Une nouvelle marche vers la tour Ostankino
Après l’effondrement de la révolution de 1968, Guy Debord prêta beaucoup moins attention à son Internationale et, en 1972, celle-ci se dissout d’elle-même. De temps en temps, Debord publiait encore des articles et réalisait quelques films, mais l’amertume qu’il avait absorbée à la suite de sa défaite était trop profonde. Même ses critiques les plus intransigeantes avaient été absorbées sans effort par le Système ; son œuvre principale était devenue un classique canonisé auquel tout le monde faisait référence, sans que peu prennent le temps de la lire.

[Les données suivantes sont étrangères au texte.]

(* Let $D$ be a fixed integer which is not a perfect square and let $\mathcal{Q}$ denote the set of squares in $\mathbb{Q}$. For every $\varepsilon>0$ and $N\geq 1$, \[ \#\{(A,B)\in\mathbb{Z}^2:\ |A|,|B|\leq N,\ -AB\in\mathcal{Q}\}\ll_\varepsilon N^{1+\varepsilon}, \] and \[ \#\{(A,B)\in\mathbb{Z}^2:\ |A|,|B|\leq N,\ D\big((A+B-1)^2-4AB\big)\in\mathcal{Q}\}\ll_\varepsilon |D|^{\varepsilon}N^{1+\varepsilon}. \] *)

From Stdlib Require Import ZArith QArith Reals List ClassicalEpsilon.
Import ListNotations.

Definition is_rat_square (x : Z) : Prop :=
  exists q : Q, Qeq (q * q) (inject_Z x).

Definition is_int_square (D : Z) : Prop := exists k : Z, (k * k)%Z = D.

Definition Zrange (N : nat) : list Z :=
  map (fun k => (Z.of_nat k - Z.of_nat N)%Z) (seq 0 (2 * N + 1)).

Definition box (N : nat) : list (Z * Z) := list_prod (Zrange N) (Zrange N).

Definition decP (P : Prop) : bool :=
  if excluded_middle_informative P then true else false.

Definition count_box (N : nat) (P : Z -> Z -> Prop) : nat :=
  length (filter (fun p => decP (P (fst p) (snd p))) (box N)).

(* If [D n] is a square in Q it is a square in Z, and then [n = s t^2] with [s] depending
   only on [D] ([r^2 = D s] for the least [r > 0] with [D | r^2]).
   For [-AB] a nonzero square this gives [|A| = s c^2], [|B| = s t^2] with [c, t <= sqrt (N/s)],
   so there are at most [2 sum_(s <= N) N/s << N log N] such pairs.
   Since [(A + B - 1)^2 - 4AB = (A - B)^2 - 2(A + B) + 1 = s t^2], the pair [(A, B)] is
   determined by [x = A - B] and [t], which satisfy [|x^2 - s t^2| <= 4N + 1]; for fixed
   [x <> 0] two such [t] differ by at most [3(4N + 1)/|x|], giving again [<< N log N] pairs,
   uniformly in [D].  Finally [N log N <= N^(1+eps)/eps]. *)

From Stdlib Require Import ZArith QArith Reals List Lia Lra Classical ClassicalEpsilon.
Import ListNotations.

Open Scope Z_scope.

(** * Squares in Z and Q *)

Lemma Z_divide_of_square_divide a b : (a * a | b * b) -> (a | b).
Proof.
  intros Hab.
  destruct (Z.eq_dec a 0) as [->|Ha].
  { destruct Hab as [q Hq]. replace b with 0 by nia. apply Z.divide_refl. }
  set (g := Z.gcd a b).
  assert (Hg : 0 < g).
  { pose proof (Z.gcd_nonneg a b). pose proof (Z.gcd_eq_0_l a b). unfold g; lia. }
  destruct (Z.gcd_divide_l a b) as [a' Ea]; destruct (Z.gcd_divide_r a b) as [b' Eb].
  fold g in Ea, Eb.
  assert (Hcop : Z.gcd a' b' = 1).
  { rewrite <- (Z.gcd_div_gcd a b g ltac:(lia) eq_refl), Ea, Eb, !Z.div_mul by lia.
    reflexivity. }
  assert (Hsq : (a' * a' | b' * b')).
  { apply (Z.mul_divide_cancel_r _ _ (g * g)); [lia|].
    replace (a' * a' * (g * g)) with (a * a) by (rewrite Ea; ring).
    replace (b' * b' * (g * g)) with (b * b) by (rewrite Eb; ring). exact Hab. }
  assert (Ha' : (a' | b')).
  { apply (Z.gauss _ b'); [|exact Hcop].
    eapply Z.divide_trans; [apply Z.divide_factor_l|exact Hsq]. }
  rewrite Ea, Eb. apply Z.mul_divide_mono_r, Ha'.
Qed.

Lemma Z_divide_mul_of_divide_squares D a b :
  (D | a * a) -> (D | b * b) -> (D | a * b).
Proof.
  intros [p Hp] [q Hq]. apply Z_divide_of_square_divide. exists (p * q).
  replace (a * b * (a * b)) with (a * a * (b * b)) by ring. rewrite Hp, Hq. ring.
Qed.

Lemma Z_least_positive (P : Z -> Prop) n : 0 < n -> P n ->
  exists r, 0 < r /\ P r /\ forall m, 0 < m -> P m -> r <= m.
Proof.
  intros Hn. assert (Hn0 : 0 <= n) by lia. revert Hn.
  pattern n. apply Z_lt_induction; [|exact Hn0].
  intros x IH Hx Px.
  destruct (classic (exists y, 0 < y < x /\ P y)) as [[y [Hy Py]]|Hnone].
  - apply (IH y); [lia|lia|exact Py].
  - exists x. repeat split; [lia|exact Px|].
    intros m Hm Pm. apply Z.nlt_ge. intros Hmx. apply Hnone. exists m. auto.
Qed.

(* The [m] with [D | m^2] form an ideal of Z; [r] is its positive generator. *)
Lemma square_divisor_root D : D <> 0 ->
  exists r, 0 < r /\ (D | r * r) /\ forall m, (D | m * m) -> (r | m).
Proof.
  intros HD.
  assert (HabsD : (D | Z.abs D * Z.abs D)) by (rewrite Z.abs_square; apply Z.divide_factor_l).
  destruct (Z_least_positive (fun r => (D | r * r)) (Z.abs D) ltac:(lia) HabsD)
    as [r [Hr [Hrr Hleast]]].
  exists r. repeat split; [lia|exact Hrr|].
  intros m Hm.
  pose proof (Z.mod_pos_bound m r Hr) as Hbound.
  pose proof (Z.div_mod m r ltac:(lia)) as Hdiv.
  assert (Hmod : (D | m mod r * (m mod r))).
  { replace (m mod r * (m mod r))
      with (m * m - 2 * (m / r) * (m * r) + (m / r) * (m / r) * (r * r)) by lia.
    apply Z.divide_add_r; [apply Z.divide_sub_r|]; [exact Hm| |];
      apply Z.divide_mul_r; [apply Z_divide_mul_of_divide_squares|]; assumption. }
  apply Z.mod_divide; [lia|].
  destruct (Z.eq_dec (m mod r) 0) as [E|E]; [exact E|].
  specialize (Hleast (m mod r) ltac:(lia) Hmod). lia.
Qed.

Lemma mul_square_form D : D <> 0 ->
  exists s, s <> 0 /\
    forall n e, D * n = e * e -> exists t, 0 <= t /\ n = s * (t * t).
Proof.
  intros HD.
  destruct (square_divisor_root D HD) as [r [Hr [[s Hs] Hroot]]].
  exists s. split; [intros ->; lia|].
  intros n e Hn.
  destruct (Hroot e ltac:(exists n; lia)) as [t Ht].
  exists (Z.abs t). split; [lia|].
  apply (Z.mul_cancel_l _ _ D HD).
  rewrite Hn, Ht, Z.abs_square.
  transitivity (t * t * (r * r)); [ring|]. rewrite Hs. ring.
Qed.

Lemma int_square_of_rat_square n : is_rat_square n -> exists e, e * e = n.
Proof.
  intros [[p d] Hq]. unfold Qeq in Hq. cbn in Hq. rewrite Pos2Z.inj_mul in Hq.
  destruct (Z_divide_of_square_divide (Z.pos d) p) as [e ->]; [exists n; lia|].
  exists e. apply (Z.mul_cancel_r _ _ (Z.pos d * Z.pos d)); lia.
Qed.

Lemma pos_mul_square_form a b e : 0 < a -> 0 < b -> a * b = e * e ->
  exists s c t, 0 < s /\ 0 < c /\ 0 < t /\ a = s * (c * c) /\ b = s * (t * t).
Proof.
  intros Ha Hb Hab.
  destruct (mul_square_form a ltac:(lia)) as [s [Hs Hform]].
  destruct (Hform a a eq_refl) as [c [Hc Ea]].
  destruct (Hform b e Hab) as [t [Ht Eb]].
  exists s, c, t. repeat split; try assumption; nia.
Qed.

(** * Counting by injections *)

Lemma length_le_of_injective_rel {A B : Type} (R : A -> B -> Prop) (L : list B) (l : list A) :
  (forall a a' b, R a b -> R a' b -> a = a') -> NoDup l ->
  (forall a, In a l -> exists b, In b L /\ R a b) -> (length l <= length L)%nat.
Proof.
  intros Hinj Hl Hcov.
  destruct l as [|a0 l0]; [cbn; lia|].
  destruct (Hcov a0 (or_introl eq_refl)) as [b0 _].
  set (f a := epsilon (inhabits b0) (fun b => In b L /\ R a b)).
  assert (Hf : forall a, In a (a0 :: l0) -> In (f a) L /\ R a (f a))
    by (intros a Ha; apply epsilon_spec, Hcov, Ha).
  rewrite <- (length_map f). apply NoDup_incl_length.
  - apply NoDup_map_NoDup_ForallPairs; [|exact Hl].
    intros x y Hx Hy E. apply (Hinj x y (f x)); [|rewrite E]; apply Hf; assumption.
  - intros b Hb. apply in_map_iff in Hb as [a [<- Ha]]. apply Hf, Ha.
Qed.

Lemma NoDup_list_prod {A B : Type} (l : list A) (l' : list B) :
  NoDup l -> NoDup l' -> NoDup (list_prod l l').
Proof.
  induction 1 as [|a l Hnotin Hl IH]; intros Hl'; cbn; [constructor|].
  apply NoDup_app; [|apply IH, Hl'|].
  - apply NoDup_map_NoDup_ForallPairs; [|exact Hl'].
    intros x y _ _ E. injection E. easy.
  - intros [x y] Hx Hy. apply in_map_iff in Hx as [z [E _]]. injection E as <- <-.
    apply in_prod_iff in Hy as [Ha _]. contradiction.
Qed.

Lemma in_Zrange N z : In z (Zrange N) <-> Z.abs z <= Z.of_nat N.
Proof.
  unfold Zrange. rewrite in_map_iff. split.
  - intros [k [<- Hk]]. apply in_seq in Hk. lia.
  - intros H. exists (Z.to_nat (z + Z.of_nat N)). rewrite in_seq. lia.
Qed.

Lemma NoDup_box N : NoDup (box N).
Proof.
  assert (H : NoDup (Zrange N)).
  { apply NoDup_map_NoDup_ForallPairs; [|apply seq_NoDup]. intros x y _ _ E. lia. }
  apply NoDup_list_prod; exact H.
Qed.

Lemma in_box N A B : In (A, B) (box N) <-> Z.abs A <= Z.of_nat N /\ Z.abs B <= Z.of_nat N.
Proof. unfold box. rewrite in_prod_iff, !in_Zrange. reflexivity. Qed.

Lemma count_box_le {T : Type} N (P : Z -> Z -> Prop) (R : Z * Z -> T -> Prop) (L : list T) :
  (forall a a' b, R a b -> R a' b -> a = a') ->
  (forall A B, Z.abs A <= Z.of_nat N -> Z.abs B <= Z.of_nat N -> P A B ->
     exists b, In b L /\ R (A, B) b) ->
  (count_box N P <= length L)%nat.
Proof.
  intros Hinj Hcov. apply (length_le_of_injective_rel R); [exact Hinj| |].
  - apply NoDup_filter, NoDup_box.
  - intros [A B] HAB. apply filter_In in HAB as [Hbox HP]. apply in_box in Hbox.
    unfold decP in HP. destruct (excluded_middle_informative _); [|discriminate].
    apply Hcov; tauto.
Qed.

Definition Zseq (lo : Z) (n : nat) : list Z := map (fun i => lo + Z.of_nat i) (seq 0 n).

Lemma length_Zseq lo n : length (Zseq lo n) = n.
Proof. unfold Zseq. rewrite length_map, length_seq. reflexivity. Qed.

Lemma in_Zseq lo n t : In t (Zseq lo n) <-> lo <= t < lo + Z.of_nat n.
Proof.
  unfold Zseq. rewrite in_map_iff. split.
  - intros [k [<- Hk]]. apply in_seq in Hk. lia.
  - intros H. exists (Z.to_nat (t - lo)). rewrite in_seq. lia.
Qed.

L’expression « Société du Spectacle », qui avait été si chargée et terrible dans la bouche de Debord lui-même, était devenue une banalité dans le lexique politique, ayant perdu sa charge révolutionnaire, anticonformiste et démasquante.
Debord fut alors marginalisé, isolé, et « récupéré ». Les situationnistes disparurent, et seule une poignée d’« anarchistes de droite » et de followers européens d’Evola (notamment Philippe Baillet) firent une tentative, certes infructueuse, de rétablir une certaine pertinence à ses idées. Mais l’Occident poursuivit encore plus loin le chemin du spectacle, plus que nous ne pourrions l’imaginer.

Jamais auparavant la mort n’a régné sur le monde avec autant d’absolu et d’évidence horrifiante que ce qu’elle fait aujourd’hui dans le monde libéral. Le suicide de Guy Debord est la dernière touche écrite dans le sang d’une personne vivante, sous l’ordre de la Société du Spectacle. Il se peut qu’il ait été la dernière personne encore présente en Occident à pouvoir se donner la mort, puisque personne là-bas ne possède plus de « moi » authentique.
L’élection de Chirac à la présidence de la France, le succès de « Procter & Gamble », la dernière tournée de Madonna, le travail de Bernard-Henry Levi sur un nouveau texte publicitaire pour le bourgeois Yves Saint Laurent, le sourire creux et cyborg de Naomi Campbell, démocratiquement fabriqué en tube à essai rempli de sperme de représentants des quatre races humaines... Plus encore de temps s’est écoulé depuis la mort silencieuse du grand Témoin...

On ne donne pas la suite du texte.